Ill-conditioned optimization

\[ L(c; x, y) = \frac 1 2 \lVert \underbrace{f(x, c) - y}_{r(c)} \rVert_{C^{-1}}^2 \]

Gradient of \(L\) requires the Jacobian \(J\) of the model \(f\).

\[ g(c) = \nabla_c L = r^T \underbrace{\nabla_c f}_{J} \]

We can solve \(g(c) = 0\) using a Newton method

\[ g(c + \delta c) = g(c) + \underbrace{\nabla_c g}_H\delta c + O((\delta c)^2) \]

The Hessian requires the second derivative of \(f\), which can cause problems.

\[ H = J^T J + r^T (\nabla_c J)\]

Newton-like methods for optimization

Solve

\[ H \delta c = -g(c) \]

Update \(c \gets c + \gamma \delta c\) using a line search or trust region.

  • Gauss-Newton: \(H = J^T J\)

  • Levenberg-Marquardt: \(H = J^T J + \alpha I\)

Outlook

  • The optimization problem can be solved using a Newton method. It can be onerous to implement the needed derivatives.

  • The Gauss-Newton method is often more practical than Newton while being faster than gradient descent, though it lacks robustness.

  • The Levenberg-Marquardt method provides a sort of middle-ground between Gauss-Newton and gradient descent.

  • Many globalization techniques are used for models that possess many local minima.

  • One pervasive approach is stochastic gradient descent, where small batches (e.g., 1 or 10 or 20) are selected randomly from the corpus of observations (500 in our current example), and a step of gradient descent is applied to that reduced set of observations. This helps to escape saddle points and weak local minima.

  • Among expressive models \(f(x,c)\), some may converge much more easily than others.

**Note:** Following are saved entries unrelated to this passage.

(* Let $\mathcal{R}_i=(X_i,\Phi_i,\check X_i,\check\Phi_i)$, $i\in\{1,2\}$, be root data and $f:\mathcal{R}_2\to\mathcal{R}_1$ a homomorphism of root data with $f:X_2\to X_1$ surjective. Put $A=X_1/f(\Phi_2^\top)$, let $h_1:X_1\to A$ be the natural projection and $h_2:X_2/\Phi_2^\top\to A$, $h_2(x+\Phi_2^\top)=f(x)+f(\Phi_2^\top)$. Then $\phi:X_2\to X_1\oplus(X_2/\Phi_2^\top)$, $\phi(x)=(f(x),x+\Phi_2^\top)$, defines an isomorphism of root data $\phi:\mathcal{R}_2\to\mathcal{R}_1\oplus_{(A,h_1,h_2)}(\mathcal{R}_2)_{\mathrm{rad}}$, and $f=p_1\circ\phi$, where $p_1$ is the projection of the central product onto its first factor.
   Context: Root data $\mathcal{R}=(X,\Phi,\check X,\check\Phi)$ (reduced), with perfect pairing $\langle-,-\rangle$. A homomorphism of root data $\mathcal{R}'\to\mathcal{R}$ is a $\mathbb{Z}$-linear $f:X'\to X$ with a bijection $\tau:\Phi\to\Phi'$ with $f(\tau(\alpha))=\alpha$ and $\check f(\check\alpha)=\tau(\alpha)^\vee$ ($\check f$ the transpose). For $S\subseteq X$: $S^\top=\{x\in X: nx\in\mathbb{Z}S\text{ for some integer }n>0\}$, $S^\perp=\{y\in\check X:\langle x,y\rangle=0\ \forall x\in S\}$; similarly for subsets of $\check X$. The radical of $\mathcal{R}$ is the torus (root datum with no roots) $\mathcal{R}_{\mathrm{rad}}=(X/\Phi^\top,\emptyset,\check\Phi^\perp,\emptyset)$ with induced pairing. For a submodule $B\subseteq X$ containing $\Phi$, the induced root datum is $\mathcal{R}_B=(B,\Phi,\mathrm{Hom}(B,\mathbb{Z}),\check\iota_B(\check\Phi))$, $\check\iota_B(y)=\langle-,y\rangle|_B$. Central product: for root data $\mathcal{R},\mathcal{R}'$ with lattices $X,X'$, a $\mathbb{Z}$-module $A$ and surjections $h:X\to A$, $h':X'\to A$ killing the roots, $\mathcal{R}\oplus_{(A,h,h')}\mathcal{R}'$ is the root datum induced from the direct sum $\mathcal{R}\oplus\mathcal{R}'$ by the submodule $X\oplus_A X'=\{(x,x'): h(x)=h'(x')\}$. *)

(* Lattices are modelled as a carrier type
   with a membership predicate and operations; all axioms are stated as
   predicates (is_lattice, is_root_datum) and only quantify over members. *)
From Stdlib Require Import ZArith List Classical ClassicalEpsilon
  FunctionalExtensionality PropExtensionality.
Open Scope Z_scope.

Record lattice := Lattice {
  lcar :> Type;
  lmem : lcar -> Prop;
  l0 : lcar;
  ladd : lcar -> lcar -> lcar;
  lopp : lcar -> lcar }.
Arguments lmem {l} _.
Arguments l0 {l}.
Arguments ladd {l} _ _.
Arguments lopp {l} _.

Definition lsub {L : lattice} (x y : L) : L := ladd x (lopp y).

Fixpoint nmul {L : lattice} (n : nat) (x : L) : L :=
  match n with O => l0 | S n' => ladd x (nmul n' x) end.

Definition zmul {L : lattice} (z : Z) (x : L) : L :=
  match z with
  | Z0 => l0
  | Zpos p => nmul (Pos.to_nat p) x
  | Zneg p => lopp (nmul (Pos.to_nat p) x)
  end.

Fixpoint lincomb {L : lattice} (c : list Z) (b : list L) : L :=
  match c, b with
  | c0 :: c', b0 :: b' => ladd (zmul c0 b0) (lincomb c' b')
  | _, _ => l0
  end.

Definition is_abgroup (L : lattice) : Prop :=
  lmem (@l0 L) /\
  (forall x y : L, lmem x -> lmem y -> lmem (ladd x y)) /\
  (forall x : L, lmem x -> lmem (lopp x)) /\
  (forall x y z : L, lmem x -> lmem y -> lmem z ->
     ladd x (ladd y z) = ladd (ladd x y) z) /\
  (forall x y : L, lmem x -> lmem y -> ladd x y = ladd y x) /\
  (forall x : L, lmem x -> ladd l0 x = x) /\
  (forall x : L, lmem x -> ladd (lopp x) x = l0).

Having a good optimization algorithm is essential for nonlinear regression with complicated models, especially those with many parameters \(c\).

  • Classification is a very similar problem to regression, but the observations \(y\) are discrete, thus

  • models \(f(x,c)\) must have discrete output

  • the least squares loss function is not appropriate.

  • Why momentum really works

Team project workshopping

  1. Identify one or more software packages and execution environments that will be used.

  2. Identify one or more stakeholders in this problem space.

  3. Identify one or more decisions that depend on the use or behavior of the methods or software.

  4. What will you do?

  • Identify a test you can conduct to inform the decision. Think about the stakeholders and context.

  • Create something new using the software and reflect on how it works.

  • Make a contribution to improve the software or community (diagnostics, decumentation, efficiency). (Please share your ideas with me before choosing this.)

  1. Create a thread in #projects summarizing the above and naming your group members.